Saved data entries
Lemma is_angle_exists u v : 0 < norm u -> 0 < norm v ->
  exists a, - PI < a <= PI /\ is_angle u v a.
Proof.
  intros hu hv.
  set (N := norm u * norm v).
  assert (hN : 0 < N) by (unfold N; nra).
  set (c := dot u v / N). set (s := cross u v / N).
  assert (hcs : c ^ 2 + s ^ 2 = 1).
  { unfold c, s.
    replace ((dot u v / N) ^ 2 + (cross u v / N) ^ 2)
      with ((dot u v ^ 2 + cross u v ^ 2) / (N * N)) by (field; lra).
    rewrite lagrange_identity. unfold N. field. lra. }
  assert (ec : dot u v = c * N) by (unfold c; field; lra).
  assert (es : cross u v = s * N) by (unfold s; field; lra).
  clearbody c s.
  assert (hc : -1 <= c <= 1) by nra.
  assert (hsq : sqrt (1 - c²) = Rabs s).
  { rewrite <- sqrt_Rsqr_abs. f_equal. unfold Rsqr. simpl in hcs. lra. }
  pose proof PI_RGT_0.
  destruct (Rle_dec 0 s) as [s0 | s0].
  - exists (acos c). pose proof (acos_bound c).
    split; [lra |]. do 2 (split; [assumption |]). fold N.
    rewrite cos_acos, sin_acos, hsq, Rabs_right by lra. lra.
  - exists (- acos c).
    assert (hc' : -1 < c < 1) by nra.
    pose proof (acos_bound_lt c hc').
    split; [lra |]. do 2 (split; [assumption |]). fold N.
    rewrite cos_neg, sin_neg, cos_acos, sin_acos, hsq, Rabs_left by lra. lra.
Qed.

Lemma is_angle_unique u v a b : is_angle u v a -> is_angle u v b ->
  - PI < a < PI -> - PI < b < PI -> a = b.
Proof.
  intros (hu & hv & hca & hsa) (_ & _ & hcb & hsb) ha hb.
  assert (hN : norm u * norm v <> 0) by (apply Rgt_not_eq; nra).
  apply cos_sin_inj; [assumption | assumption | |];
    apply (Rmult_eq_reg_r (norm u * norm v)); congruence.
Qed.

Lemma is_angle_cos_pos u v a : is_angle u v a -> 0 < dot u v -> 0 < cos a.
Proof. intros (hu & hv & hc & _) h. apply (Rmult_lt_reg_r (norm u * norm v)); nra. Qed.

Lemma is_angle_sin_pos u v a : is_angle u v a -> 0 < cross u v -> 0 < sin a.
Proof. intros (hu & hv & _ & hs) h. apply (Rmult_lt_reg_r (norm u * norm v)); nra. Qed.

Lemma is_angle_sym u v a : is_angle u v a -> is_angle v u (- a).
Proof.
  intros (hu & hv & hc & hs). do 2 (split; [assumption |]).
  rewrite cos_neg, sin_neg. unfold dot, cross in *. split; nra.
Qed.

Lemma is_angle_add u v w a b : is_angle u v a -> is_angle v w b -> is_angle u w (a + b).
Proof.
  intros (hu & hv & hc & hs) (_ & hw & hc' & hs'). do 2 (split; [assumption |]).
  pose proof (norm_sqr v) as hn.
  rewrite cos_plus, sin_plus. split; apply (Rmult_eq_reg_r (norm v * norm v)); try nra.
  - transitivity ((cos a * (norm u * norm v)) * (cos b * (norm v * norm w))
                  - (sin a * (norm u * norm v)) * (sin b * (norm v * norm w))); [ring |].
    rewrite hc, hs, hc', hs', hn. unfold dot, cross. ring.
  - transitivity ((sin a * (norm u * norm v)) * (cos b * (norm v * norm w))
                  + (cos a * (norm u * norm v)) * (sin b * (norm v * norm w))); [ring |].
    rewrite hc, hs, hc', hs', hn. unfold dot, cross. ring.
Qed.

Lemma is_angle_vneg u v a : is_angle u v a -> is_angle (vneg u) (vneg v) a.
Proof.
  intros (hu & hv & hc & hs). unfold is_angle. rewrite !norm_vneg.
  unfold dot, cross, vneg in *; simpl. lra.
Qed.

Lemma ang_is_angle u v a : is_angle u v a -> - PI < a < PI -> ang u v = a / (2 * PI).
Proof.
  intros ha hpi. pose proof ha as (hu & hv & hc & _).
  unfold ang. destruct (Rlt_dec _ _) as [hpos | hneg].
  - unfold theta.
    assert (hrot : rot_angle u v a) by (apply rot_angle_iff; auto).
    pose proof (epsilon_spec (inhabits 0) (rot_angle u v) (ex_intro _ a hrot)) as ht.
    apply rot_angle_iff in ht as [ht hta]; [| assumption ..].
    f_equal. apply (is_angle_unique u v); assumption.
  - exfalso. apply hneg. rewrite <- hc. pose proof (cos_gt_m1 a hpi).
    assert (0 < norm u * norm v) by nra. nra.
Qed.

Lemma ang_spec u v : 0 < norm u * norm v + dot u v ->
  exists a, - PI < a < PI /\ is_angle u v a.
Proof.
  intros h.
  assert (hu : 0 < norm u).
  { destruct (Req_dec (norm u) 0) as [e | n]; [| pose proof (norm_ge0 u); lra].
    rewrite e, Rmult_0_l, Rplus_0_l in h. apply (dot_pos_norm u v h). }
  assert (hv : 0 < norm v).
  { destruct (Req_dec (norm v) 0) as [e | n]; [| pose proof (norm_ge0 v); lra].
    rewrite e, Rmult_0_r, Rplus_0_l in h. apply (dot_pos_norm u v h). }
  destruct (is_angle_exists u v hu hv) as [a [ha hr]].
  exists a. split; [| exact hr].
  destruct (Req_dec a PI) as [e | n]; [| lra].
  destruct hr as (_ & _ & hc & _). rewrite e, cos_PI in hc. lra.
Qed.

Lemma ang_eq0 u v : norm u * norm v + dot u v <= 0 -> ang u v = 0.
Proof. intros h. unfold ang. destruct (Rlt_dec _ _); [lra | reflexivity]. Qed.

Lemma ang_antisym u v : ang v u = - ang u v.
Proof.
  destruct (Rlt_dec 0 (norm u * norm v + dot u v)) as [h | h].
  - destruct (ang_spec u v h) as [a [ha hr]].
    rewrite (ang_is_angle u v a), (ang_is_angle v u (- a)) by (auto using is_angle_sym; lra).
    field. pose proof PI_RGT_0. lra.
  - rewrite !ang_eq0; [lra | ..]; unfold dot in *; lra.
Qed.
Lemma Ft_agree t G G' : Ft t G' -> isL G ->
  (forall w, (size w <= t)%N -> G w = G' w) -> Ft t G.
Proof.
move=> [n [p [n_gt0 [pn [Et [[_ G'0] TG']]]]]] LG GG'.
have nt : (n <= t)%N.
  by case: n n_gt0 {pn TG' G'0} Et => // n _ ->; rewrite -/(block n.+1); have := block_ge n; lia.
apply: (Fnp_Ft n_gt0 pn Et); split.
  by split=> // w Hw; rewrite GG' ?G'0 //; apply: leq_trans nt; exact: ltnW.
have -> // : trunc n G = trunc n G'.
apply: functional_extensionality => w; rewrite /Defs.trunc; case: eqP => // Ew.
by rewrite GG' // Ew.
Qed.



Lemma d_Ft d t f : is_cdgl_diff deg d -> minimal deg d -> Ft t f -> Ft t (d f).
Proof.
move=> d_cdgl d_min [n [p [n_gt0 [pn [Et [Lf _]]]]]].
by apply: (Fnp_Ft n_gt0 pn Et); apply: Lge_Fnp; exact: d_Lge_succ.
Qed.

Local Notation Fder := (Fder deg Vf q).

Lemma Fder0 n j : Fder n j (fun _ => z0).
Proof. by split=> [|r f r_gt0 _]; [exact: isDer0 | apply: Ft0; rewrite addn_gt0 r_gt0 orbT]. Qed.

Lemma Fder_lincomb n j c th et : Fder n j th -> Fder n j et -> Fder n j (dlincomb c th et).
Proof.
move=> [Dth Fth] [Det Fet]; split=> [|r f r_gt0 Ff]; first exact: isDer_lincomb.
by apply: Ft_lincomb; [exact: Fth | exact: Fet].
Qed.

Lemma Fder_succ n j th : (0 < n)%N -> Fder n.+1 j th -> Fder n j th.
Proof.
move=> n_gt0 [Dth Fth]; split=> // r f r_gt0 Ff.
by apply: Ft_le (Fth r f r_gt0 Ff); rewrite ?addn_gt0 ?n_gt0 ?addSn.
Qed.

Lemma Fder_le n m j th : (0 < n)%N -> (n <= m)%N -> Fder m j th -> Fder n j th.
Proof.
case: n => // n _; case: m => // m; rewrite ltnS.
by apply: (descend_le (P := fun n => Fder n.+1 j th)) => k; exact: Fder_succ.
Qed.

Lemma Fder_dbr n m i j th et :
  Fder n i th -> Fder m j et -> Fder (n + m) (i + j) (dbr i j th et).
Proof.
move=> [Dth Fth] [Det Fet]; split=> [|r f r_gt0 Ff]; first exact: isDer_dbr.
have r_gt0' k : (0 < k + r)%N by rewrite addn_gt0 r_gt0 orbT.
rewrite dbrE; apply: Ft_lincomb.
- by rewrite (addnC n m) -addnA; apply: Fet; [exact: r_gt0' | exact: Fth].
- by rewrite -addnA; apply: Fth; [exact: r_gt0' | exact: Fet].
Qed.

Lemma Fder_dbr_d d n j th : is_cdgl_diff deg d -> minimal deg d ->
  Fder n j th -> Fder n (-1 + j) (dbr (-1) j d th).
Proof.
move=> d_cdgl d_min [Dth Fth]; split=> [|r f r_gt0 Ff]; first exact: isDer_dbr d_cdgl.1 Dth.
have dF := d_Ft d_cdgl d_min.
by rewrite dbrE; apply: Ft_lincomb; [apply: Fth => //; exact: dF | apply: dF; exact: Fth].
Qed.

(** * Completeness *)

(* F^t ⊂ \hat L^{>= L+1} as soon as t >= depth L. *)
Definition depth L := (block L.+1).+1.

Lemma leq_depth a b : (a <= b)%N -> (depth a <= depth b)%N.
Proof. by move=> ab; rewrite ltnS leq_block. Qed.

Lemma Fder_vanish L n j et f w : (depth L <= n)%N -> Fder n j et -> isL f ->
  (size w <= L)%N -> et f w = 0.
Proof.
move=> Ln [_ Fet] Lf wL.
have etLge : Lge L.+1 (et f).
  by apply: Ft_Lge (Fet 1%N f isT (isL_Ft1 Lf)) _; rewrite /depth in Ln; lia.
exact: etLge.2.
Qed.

_What needs to be done_:
Starting from the first line of the records above, retype each line exactly up to and including the one that contains "apply cos_sin_inj; [assumption", and nothing more.

_Task result_:
Lemma is_angle_exists u v : 0 < norm u -> 0 < norm v ->
  exists a, - PI < a <= PI /\ is_angle u v a.
Proof.
  intros hu hv.
  set (N := norm u * norm v).
  assert (hN : 0 < N) by (unfold N; nra).
  set (c := dot u v / N). set (s := cross u v / N).
  assert (hcs : c ^ 2 + s ^ 2 = 1).
  { unfold c, s.
    replace ((dot u v / N) ^ 2 + (cross u v / N) ^ 2)
      with ((dot u v ^ 2 + cross u v ^ 2) / (N * N)) by (field; lra).
    rewrite lagrange_identity. unfold N. field. lra. }
  assert (ec : dot u v = c * N) by (unfold c; field; lra).
  assert (es : cross u v = s * N) by (unfold s; field; lra).
  clearbody c s.
  assert (hc : -1 <= c <= 1) by nra.
  assert (hsq : sqrt (1 - c²) = Rabs s).
  { rewrite <- sqrt_Rsqr_abs. f_equal. unfold Rsqr. simpl in hcs. lra. }
  pose proof PI_RGT_0.
  destruct (Rle_dec 0 s) as [s0 | s0].
  - exists (acos c). pose proof (acos_bound c).
    split; [lra |]. do 2 (split; [assumption |]). fold N.
    rewrite cos_acos, sin_acos, hsq, Rabs_right by lra. lra.
  - exists (- acos c).
    assert (hc' : -1 < c < 1) by nra.
    pose proof (acos_bound_lt c hc').
    split; [lra |]. do 2 (split; [assumption |]). fold N.
    rewrite cos_neg, sin_neg, cos_acos, sin_acos, hsq, Rabs_left by lra. lra.
Qed.

Lemma is_angle_unique u v a b : is_angle u v a -> is_angle u v b ->
  - PI < a < PI -> - PI < b < PI -> a = b.
Proof.
  intros (hu & hv & hca & hsa) (_ & _ & hcb & hsb) ha hb.
  assert (hN : norm u * norm v <> 0) by (apply Rgt_not_eq; nra).
  apply cos_sin_inj; [assumption | assumption | |];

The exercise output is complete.